Can you measure what you spend, and on what? Most departments can produce a total number. Few can produce a baseline, a forecast, a variance, or a comparison against benchmark. That gap is where tens of millions of dollars live in any legal department above a billion dollars in revenue. It is also where the team’s credibility with the CFO either gets built or quietly erodes.
Can you implement technology in a way that changes behavior? Most departments have bought platforms their team will not use. The adoption problem is not a feature problem.
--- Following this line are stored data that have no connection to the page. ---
Lemma waring_sum_powers (F : finFieldType) k s :
  waring_sum F k s <-> forall x : F, sum_of (powers k) s x.
Proof.
split=> [sums x | sums x].
  have [f ->] := sums x; exists [seq f i ^+ k | i <- enum 'I_s]; split.
  - by rewrite size_map size_enum_ord.
  - by apply/allP => _ /mapP[i _ ->]; apply/exists_eqP; exists (f i).
  - by rewrite big_map big_enum.
have [l [<- pow_l ->]] := sums x.
have /fin_all_exists[f f_root] : forall i : 'I_(size l), exists z, nth 0 l i = z ^+ k.
  by move=> i; apply/exists_eqP; apply: (all_nthP 0 pow_l).
by exists f; rewrite (big_nth 0) big_mkord; apply: eq_bigr => i _.
Qed.

(** * Finite fields *)

Lemma expf_card_pred (F : finFieldType) (x : F) : x != 0 -> x ^+ #|F|.-1 = 1.
Proof.
move=> x_neq0; apply: (mulIf x_neq0); rewrite mul1r -exprSr prednK ?expf_card //.
exact: ltnW (finNzRing_gt1 F).
Qed.

Lemma expf_card_exp (F : finFieldType) (x : F) i : x ^+ (#|F| ^ i) = x.
Proof. by elim: i => [|i IHi]; rewrite ?expr1 // expnSr exprM IHi expf_card. Qed.

Lemma prim_root_exists (F : finFieldType) n : (n %| #|F|.-1)%N -> exists z : F, n.-primitive_root z.
Proof.
move=> n_dvd; have F_gt1 := finNzRing_gt1 F.
have : has (#|F|.-1).-primitive_root (enum (predC1 (0 : F))).
  apply: has_prim_root; rewrite ?enum_uniq -?cardE ?cardC1 //; first by rewrite -subn1 subn_gt0.
  by apply/allP => x; rewrite mem_enum => /= x_neq0; apply/unity_rootP/expf_card_pred.
by case/hasP => z _ /dvdn_prim_root/(_ n n_dvd); exists (z ^+ (#|F|.-1 %/ n)).
Qed.

Lemma mem_powersE (F : finFieldType) m (y : F) : (m %| #|F|.-1)%N ->
  (y \in powers (#|F|.-1 %/ m)) = (y == 0) || (y ^+ m == 1).
Proof.
move=> m_dvd; have F_gt1 := finNzRing_gt1 F; set k := (#|F|.-1 %/ m)%N.
have F1_km : #|F|.-1 = (k * m)%N by rewrite divnK.
have /andP[k_gt0 m_gt0] : (0 < k)%N && (0 < m)%N by rewrite -muln_gt0 -F1_km -subn1 subn_gt0.
rewrite inE; apply/exists_eqP/orP => [[x ->] | [/eqP-> | /eqP y_m]].
- have [-> | x_neq0] := eqVneq x 0; first by left; rewrite expr0n gtn_eqF.
  by right; rewrite -exprM -F1_km expf_card_pred.
- by exists 0; rewrite expr0n gtn_eqF.
have [ga ga_prim] := prim_root_exists (dvdnn #|F|.-1).
have y_unit : y ^+ #|F|.-1 = 1 by rewrite F1_km mulnC exprM y_m expr1n.
move: y_m; have [i ->] := prim_rootP ga_prim y_unit; move: (nat_of_ord i) => e.
rewrite -exprM => /eqP; rewrite -(prim_order_dvd ga_prim) F1_km dvdn_pmul2r // => /dvdnP[f ->].
by exists (ga ^+ f); rewrite -exprM.
Qed.

Lemma rmorph_factor (R S T : nzRingType) (f : {rmorphism R -> S}) (g : {rmorphism R -> T}) :
    (forall x, exists y, f y = x) -> (forall y, f y = 0 -> g y = 0) ->
  exists h : {rmorphism S -> T}, forall y, h (f y) = g y.
Proof.
move=> f_onto ker_fg; have f_onto' x : exists y, f y == x by have [y <-] := f_onto x; exists y.
pose h x := g (xchoose (f_onto' x)).
have hf y : h (f y) = g y.
  apply/eqP; rewrite /h -subr_eq0 -rmorphB ker_fg // rmorphB; apply/eqP.
  by rewrite subr_eq0 (xchooseP (f_onto' (f y))).
have h_zmod : zmod_morphism h.
  move=> x1 x2; have [y1 <-] := f_onto x1; have [y2 <-] := f_onto x2.
  by rewrite -rmorphB !hf rmorphB.
have h_monoid : monoid_morphism h.
  split=> [|x1 x2]; first by rewrite -(rmorph1 f) hf rmorph1.
  by have [y1 <-] := f_onto x1; have [y2 <-] := f_onto x2; rewrite -rmorphM !hf rmorphM.
pose hR : {rmorphism S -> T} :=
  HB.pack h (GRing.isZmodMorphism.Build _ _ h h_zmod) (GRing.isMonoidMorphism.Build _ _ h h_monoid).
by exists hR.
Qed.

Lemma poly_rmorph_ker_principal (K : fieldType) (R : nzRingType)
    (ev : {rmorphism {poly K} -> R}) w :
  w != 0 -> ev w = 0 -> exists2 m : {poly K}, ev m = 0 & forall f, ev f = 0 -> (m %| f)%R.
Proof.
move=> w_neq0 ev_w.
suff [m [m_neq0 ev_m m_min]] : exists m : {poly K},
    [/\ m != 0, ev m = 0 & forall f : {poly K}, (size f < size m)%N -> ev f = 0 -> f = 0].
  exists m => // f ev_f; apply/eqP/m_min; first by rewrite ltn_modp.
  by move: ev_f; rewrite {1}(divp_eq f m) rmorphD rmorphM ev_m mulr0 add0r.
move: w_neq0 ev_w; elim/ltn_ind: {w}(size w) {-2}w (erefl (size w)) => n IHn w size_w w_neq0 ev_w.
have [[f [lt_fw ev_f f_neq0]] | no_smaller] :=
  classic (exists f : {poly K}, [/\ (size f < size w)%N, ev f = 0 & f != 0]).
  by apply: (IHn (size f) _ f erefl f_neq0 ev_f); rewrite -size_w.
exists w; split=> // f lt_fw ev_f; apply/eqP; apply: contra_notT no_smaller => f_neq0.
by exists f.
Qed.

Lemma dvdp_genPoly_root (F : finFieldType) (P : {poly F}) :
  (1 < size P)%N -> (P %| 'X^#|F| - 'X)%R -> exists x, root P x.
Proof.
move=> P_gt1; rewrite finField_genPoly => /dvdp_prod_XsubC[ms].
case: (mask ms (index_enum F)) => [|x xs] eqP_prod.
  by move: P_gt1; rewrite (eqp_size eqP_prod) big_nil size_poly1.
by exists x; rewrite (eqp_root eqP_prod) root_prod_XsubC mem_head.
Qed.

(* As [F1 = 'F_p[th]], evaluation at a root in [F2] of the generator of the kernel of
   evaluation at [th] factors through [F1]; [in_alg] on [pPrimeCharType] is the inclusion of
   the prime field. *)
Lemma finField_embedding (F1 F2 : finFieldType) p :
    p \in [pchar F1] -> p \in [pchar F2] -> (#|F1|.-1 %| #|F2|.-1)%N ->
  inhabited {rmorphism F1 -> F2}.
Proof.
move=> ch1 ch2 card_dvd.
pose i1 : {rmorphism 'F_p -> pPrimeCharType ch1} := in_alg _.
pose i2 : {rmorphism 'F_p -> pPrimeCharType ch2} := in_alg _.
have [th th_prim] := prim_root_exists (dvdnn #|F1|.-1).
pose ev1 : {rmorphism {poly 'F_p} -> pPrimeCharType ch1} :=
  horner_morph (fun a => mulrC (th : pPrimeCharType ch1) (i1 a)).
have ev1_onto x : exists f, ev1 f = x.
  have [-> | x_neq0] := eqVneq x 0; first by exists 0; rewrite rmorph0.
  have [i ->] := prim_rootP th_prim (expf_card_pred x_neq0).
  by exists 'X^i; rewrite rmorphXn /= horner_morphX.
pose w : {poly 'F_p} := 'X^#|F2| - 'X.
have F2_gt1 := finNzRing_gt1 F2.
have w_neq0 : w != 0.
  by rewrite -size_poly_eq0 size_polyDl ?size_polyXn ?size_polyN ?size_polyX.
have ev1_w : ev1 w = 0.
  apply/eqP; rewrite rmorphB rmorphXn /= horner_morphX subr_eq0 -{1}(prednK (ltnW F2_gt1)) exprS.
  by have [k ->] := dvdnP card_dvd; rewrite mulnC exprM (prim_expr_order th_prim) expr1n mulr1.
have [m ev1_m m_gen] := poly_rmorph_ker_principal w_neq0 ev1_w.
have m_gt1 : (1 < size m)%N.
  rewrite ltnNge; apply/negP => /size1_polyC m_c.
  have : ev1 m == 0 by rewrite ev1_m.
  rewrite m_c /= horner_morphC fmorph_eq0 -polyC_eq0 -m_c => /eqP m_eq0.
  by move: (m_gen _ ev1_w); rewrite m_eq0 dvd0p (negPf w_neq0).
have [eta m_eta] : exists eta : F2, root (map_poly i2 m) eta.
  apply: dvdp_genPoly_root; first by rewrite size_map_poly.
  have -> : 'X^#|F2| - 'X = map_poly i2 w by rewrite rmorphB /= map_polyXn map_polyX.
  by rewrite dvdp_map m_gen.
pose ev2 : {rmorphism {poly 'F_p} -> pPrimeCharType ch2} :=
  horner_morph (fun a => mulrC (eta : pPrimeCharType ch2) (i2 a)).
have ev2_m : ev2 m = 0 := rootP m_eta.
have [phi _] : exists phi : {rmorphism _ -> _}, forall f, phi (ev1 f) = ev2 f.
  by apply: rmorph_factor ev1_onto _ => f /m_gen/dvdpP[g ->]; rewrite rmorphM ev2_m mulr0.
by constructor; exact: phi.
Qed.

Lemma expr_sum_pchar (R : comNzRingType) n (I : Type) (r : seq I) (F : I -> R) :
  [pchar R].-nat n -> (\sum_(i <- r) F i) ^+ n = \sum_(i <- r) F i ^+ n.
Proof.
move=> n_pchar; apply: (big_morph (fun x => x ^+ n)) => [x y|]; first exact: exprDn_pchar.
by rewrite expr0n gtn_eqF //; case/andP: n_pchar.
Qed.

Section Coordinates.
Variables (F1 F2 : finFieldType) (phi : {rmorphism F1 -> F2}) (N : nat) (g : F2).
Hypothesis card_F2 : #|F2| = (#|F1| ^ N)%N.
Hypothesis F1_pchar : [pchar F2].-nat #|F1|.
Hypothesis conj_uniq : uniq [seq g ^+ (#|F1| ^ i) | i <- iota 0 N].

(* The conjugates [g ^+ (#|F1| ^ i)] are [N] distinct roots of a polynomial of size at most [N]. *)
Lemma coord_eq0 (u : 'I_N -> F1) : \sum_(j < N) g ^+ j * phi (u j) = 0 -> u =1 (fun=> 0).
Proof.
move=> sum_eq0; pose P := \sum_(j < N) phi (u j) *: 'X^j.
have P_coef (j : 'I_N) : P`_j = phi (u j).
  rewrite coef_sum (bigD1 j) //= coefZ coefXn eqxx mulr1 big1 ?addr0 // => i i_neq_j.
  by rewrite coefZ coefXn val_eqE eq_sym (negbTE i_neq_j) mulr0.
have size_P : (size P <= N)%N.
  rewrite (leq_trans (size_sum _ _ _)) //; apply/bigmax_leqP => j _.
  by rewrite (leq_trans (size_scale_leq _ _)) // size_polyXn.
have P_conj i : P.[g ^+ (#|F1| ^ i)] = (\sum_(j < N) g ^+ j * phi (u j)) ^+ (#|F1| ^ i).
  rewrite horner_sum expr_sum_pchar ?pnatX ?F1_pchar //; apply: eq_bigr => j _.
  by rewrite hornerZ hornerXn exprMn -rmorphXn expf_card_exp -!exprM mulnC mulrC.
have P_eq0 : P = 0.
  apply/eqP; apply: contraTT size_P => P_neq0; rewrite -ltnNge.
  have := max_poly_roots P_neq0 _ conj_uniq; rewrite size_map size_iota; apply.
  apply/allP => _ /mapP[i _ ->]; apply/rootP.
  by rewrite P_conj sum_eq0 expr0n gtn_eqF // expn_gt0 ltnW ?finNzRing_gt1.
by move=> j; apply/eqP; rewrite -(fmorph_eq0 phi) -P_coef P_eq0 coef0.
Qed.

Lemma coord_inj (u v : 'I_N -> F1) :
  \sum_(j < N) g ^+ j * phi (u j) = \sum_(j < N) g ^+ j * phi (v j) -> u =1 v.
Proof.
move=> eq_uv j; apply/eqP; rewrite -subr_eq0; apply/eqP.
apply: (coord_eq0 (u := fun j => u j - v j)).
rewrite (eq_bigr (fun j : 'I_N => g ^+ j * phi (u j) - g ^+ j * phi (v j))) ?sumrB ?eq_uv ?subrr //.
by move=> i _; rewrite rmorphB mulrBr.
Qed.

Lemma coord_onto x : exists u : 'I_N -> F1, x = \sum_(j < N) g ^+ j * phi (u j).
Proof.
pose coord (u : {ffun 'I_N -> F1}) := \sum_(j < N) g ^+ j * phi (u j).
have inj_coord : injective coord by move=> u v /coord_inj eq_uv; apply/ffunP.
have card_le : (#|F2| <= #|{ffun 'I_N -> F1}|)%N by rewrite card_ffun card_ord card_F2.
by have /codomP[u ->] := inj_card_onto inj_coord card_le x; exists u.
Qed.
End Coordinates.

Lemma uniq_prim_root_conj (R : nzRingType) n q N (g : R) : (0 < q)%N ->
  n.-primitive_root g -> is_mult_order q n N -> uniq [seq g ^+ (q ^ i) | i <- iota 0 N].
Proof.
move=> q_gt0 g_prim [N_gt0 [qN_1 q_ord]].
have n_q : coprime n q.
  by rewrite -(coprime_pexpr _ _ N_gt0) -coprime_modr qN_1 coprime_modr coprimen1.
have conj_neq i j : (i < j < N)%N -> (q ^ i != q ^ j %[mod n])%N.
  case/andP=> lt_ij lt_jN; rewrite -(subnKC (ltnW lt_ij)) expnD eq_sym.
  rewrite eqn_mod_dvd ?leq_pmulr ?expn_gt0 ?q_gt0 // -{2}(muln1 (q ^ i)%N) -mulnBr.
  rewrite Gauss_dvdr ?coprimeXr //; apply/negP => dvd_n.
  have : (0 < j - i < N)%N by rewrite subn_gt0 lt_ij /=; lia.
  by move/q_ord; apply; apply/eqP; rewrite eqn_mod_dvd ?expn_gt0 ?q_gt0.
rewrite map_inj_in_uniq ?iota_uniq // => i j.
rewrite !mem_iota !add0n => /andP[_ i_lt] /andP[_ j_lt].
move/eqP; rewrite (eq_prim_root_expr g_prim).
case: (ltngtP i j) => [lt_ij | lt_ji | //].
  by rewrite (negbTE (conj_neq i j _)) ?lt_ij.
by rewrite eq_sym (negbTE (conj_neq j i _)) ?lt_ji.
Qed.

Section PowerDecomposition.
Variables (F1 F2 : finFieldType) (phi : {rmorphism F1 -> F2}) (N c : nat) (g : F2).
Hypothesis g_prim : (N * c).-primitive_root g.
Hypothesis c_dvd : (c %| #|F1|.-1)%N.
Hypothesis Nc_dvd : (N * c %| #|F2|.-1)%N.

Lemma powers_decomposition y :
  y \in powers (#|F2|.-1 %/ (N * c)) <->
  exists j : 'I_N, exists2 z, z \in powers (#|F1|.-1 %/ c) & y = g ^+ j * phi z.
Proof.
have /andP[N_gt0 c_gt0] : (0 < N)%N && (0 < c)%N by rewrite -muln_gt0 (prim_order_gt0 g_prim).
rewrite mem_powersE //; split=> [/orP[/eqP-> | /eqP y_unity] | [j [z]]].
- by exists (Ordinal N_gt0), 0; rewrite ?mem_powersE ?eqxx // rmorph0 mulr0.
- have [th th_prim] := prim_root_exists c_dvd.
  have gN_prim : c.-primitive_root (g ^+ N).
    by have := dvdn_prim_root g_prim (dvdn_mull N (dvdnn c)); rewrite mulnK.
  have phi_th_prim : c.-primitive_root (phi th) by rewrite fmorph_primitive_root.
  have [i gN] := prim_rootP phi_th_prim (prim_expr_order gN_prim).
  have [e' ->] := prim_rootP g_prim y_unity; move: (nat_of_ord e') => e.
  exists (Ordinal (ltn_pmod e N_gt0)), (th ^+ (i * (e %/ N))).
    by rewrite mem_powersE // exprAC (prim_expr_order th_prim) expr1n eqxx orbT.
  by rewrite rmorphXn exprM -gN -exprM -exprD /= addnC mulnC -divn_eq.
rewrite mem_powersE // => /orP[/eqP-> | /eqP z_unity] ->; first by rewrite rmorph0 mulr0 eqxx.
rewrite exprMn -exprM mulnC exprM (prim_expr_order g_prim) expr1n mul1r.
by rewrite -rmorphXn mulnC exprM z_unity expr1n rmorph1 eqxx orbT.
Qed.
End PowerDecomposition.
(* Let $f_1,\dots,f_k\in\mathbb{K}[\mathbf{x}]$ be nonzero multihomogeneous polynomials, $<$ a monomial order, and $\mathbf{d}\in\mathbb{Z}^r$ such that $[H_1^k]_{\mathbf{d}}=0$. Then, in the matrix $\mathrm{M_3H}(\{f_1,\dots,f_k\},\mathbf{d},<)$, every row of the form $\mathbf{x}^\beta\cdot f_k$ is linearly independent of the other rows (it is not a linear combination of them).
   Context: $\mathbb{K}$ is a field of characteristic $0$; $\mathbb{K}[\mathbf{x}]$ is the polynomial ring in variables $x_{i,0},\dots,x_{i,n_i}$ ($1\le i\le r$), $\mathbb{Z}^r$-graded with $x_{i,j}$ of degree the $i$-th standard basis vector; $[\,\cdot\,]_{\mathbf{d}}$ denotes multidegree-$\mathbf{d}$ parts (zero if $\mathbf{d}$ has a negative coordinate). $H_1^k:=H_1(\mathcal{K}_\bullet(f_1,\dots,f_k;\mathbb{K}[\mathbf{x}]))$ is the first homology of the Koszul complex of $f_1,\dots,f_k$ over $\mathbb{K}[\mathbf{x}]$, with its multigrading. A Macaulay matrix has columns indexed by monomials and rows representing polynomials (entry = coefficient). The procedure $\mathrm{M_3H}(\{f_1,\dots,f_k\},\mathbf{d},<)$ returns a Macaulay matrix with columns the monomials of $\mathbb{K}[\mathbf{x}]_{\mathbf{d}}$ in decreasing order for $<$, defined recursively: if $k=1$, start from the empty matrix and $\mathfrak{L}=\emptyset$; if $k>1$, start from $\mathrm{M_3H}(\{f_1,\dots,f_{k-1}\},\mathbf{d},<)$ and let $\mathfrak{L}$ be the set of leading monomials of the nonzero rows of the Gaussian elimination of $\mathrm{M_3H}(\{f_1,\dots,f_{k-1}\},\mathbf{d}-\deg(f_k),<)$. Then append the row $\mathbf{x}^\beta f_k$ for every monomial $\mathbf{x}^\beta\in\mathbb{K}[\mathbf{x}]_{\mathbf{d}-\deg(f_k)}\setminus\mathfrak{L}$. *)

From HB Require Import structures.
From mathcomp Require Import all_boot all_order all_algebra.
From mathcomp Require Import mpoly.
From Stdlib Require Import ClassicalEpsilon.
Theorem proposition3p2 (R : realType) (n : nat) (s : seq nat)
  (hs : sorted ltn (0%N :: s ++ [:: n])) (V : 'M[R]_n)
  (hV : V *m V^T = 1%:M) :
  let f := (fun k : 'I_(size s) => V *m Jmx R n s k *m V^T) in
  tangent_space (flag R n s) f =
    [set X | exists A : 'M[R]_n, A^T = - A /\
       (forall i j : 'I_n, blk s i = blk s j -> A i j = 0) /\
       X = (fun k : 'I_(size s) =>
              V *m (A *m Jmx R n s k - Jmx R n s k *m A) *m V^T)]
  /\
  tangent_space (flag R n s) f =
    [set X | exists Y : 'I_(size s) -> 'M[R]_n,
       (forall k, (Y k)^T = Y k) /\
       (forall (k l : 'I_(size s)) (i j : 'I_n), l != k ->
          blk s i = k -> blk s j = l -> Y k i j = - Y l i j) /\
       (forall (k : 'I_(size s)) (i j : 'I_n),
          blk s i <> k -> blk s j <> k -> Y k i j = 0) /\
       (forall (k : 'I_(size s)) (i j : 'I_n),
          blk s i = k -> blk s j = k -> Y k i j = 0) /\
       X = (fun k => V *m Y k *m V^T)].
Proof.
move=> f.
have tangent_block := tangent_flag_sub_block hV.
have block_skew := @block_sub_skew R n s V.
have skew_tangent := skew_sub_tangent_flag hV.
split; apply/seteqP; split.
- by move=> X /tangent_block /block_skew.
- exact: skew_tangent.
- exact: tangent_block.
- by move=> X /block_skew /skew_tangent.
Qed.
It is a leadership problem, layered on top of a team problem. Until the team is ready, no platform will stick.
Those five questions map to the five zones of the work I have been writing about. Team Operating Model. Governance. Measurement. Spend. Implementation. The first one is the foundation. The other four are what a well-built team does. Every article I have published sits in one of those zones. Every engagement my team has led at Swiftwater addresses one or more of them.
Seventy articles. One thesis. Legal needs to grow up as a function, and the GC is the one who has to build the team that makes that possible.
Here is what the work actually looks like when a Chief Legal Officer accepts this.
They stop asking “what should we buy” and start asking “who do we need to be, how well do we need to be it, and what kind of team delivers that.” Those are leadership questions, not procurement questions. The answers reshape the team, and the team reshapes everything downstream.
They build the senior bench before they buy the senior platform. They structure the department around the operating model the business actually requires, not the operating model the previous CLO inherited. They hire for the skills legal now needs. Operations. Data. Technology. Change. Not only the skills legal has always needed. They develop the team that is there. They have the hard conversations with the senior lawyers who were hired for a different era and can no longer deliver in this one.
They measure their team against business outcomes, not hours worked. They defend their team in the language the CFO speaks. They invest in the team’s ability to implement change, not just the team’s ability to practice law.
None of this is rocket science. Most of it is the discipline that finance, HR, procurement, and IT went through ten or twenty years ago, when the function leader accepted that building the team was the job. Legal is late to that shift. But it is not exempt from it.
I have spent twenty years watching General Counsel and CLOs at Fortune 1000 companies wrestle with this. Some have made it. Most are still partway through. A few are not yet willing to start.
The ones who make it are not the ones who buy the best tools or hire the best consultants. They are the ones who accept that the work is no longer about being the best lawyer in the room. The work is about building the team that makes the room run.
I write about that work here at danishbutt.legal. I lead practitioner delivery at Swiftwater & Company, where my team implements it in the field. I built legaltechcalculator.com to help departments calculate whether a specific investment makes sense before they sign the contract. I have published seventy articles that, taken together, argue the same thesis from every angle I know how to argue it.
If you are a GC trying to make sense of why the work feels harder than it should, I hope what you find here is useful. And I hope it shortens the distance between now and the moment you accept what the job actually is.
The team is the job. The GCs who accept this early stop having difficult years. The ones who don’t never quite figure out why the work keeps feeling heavier than it should.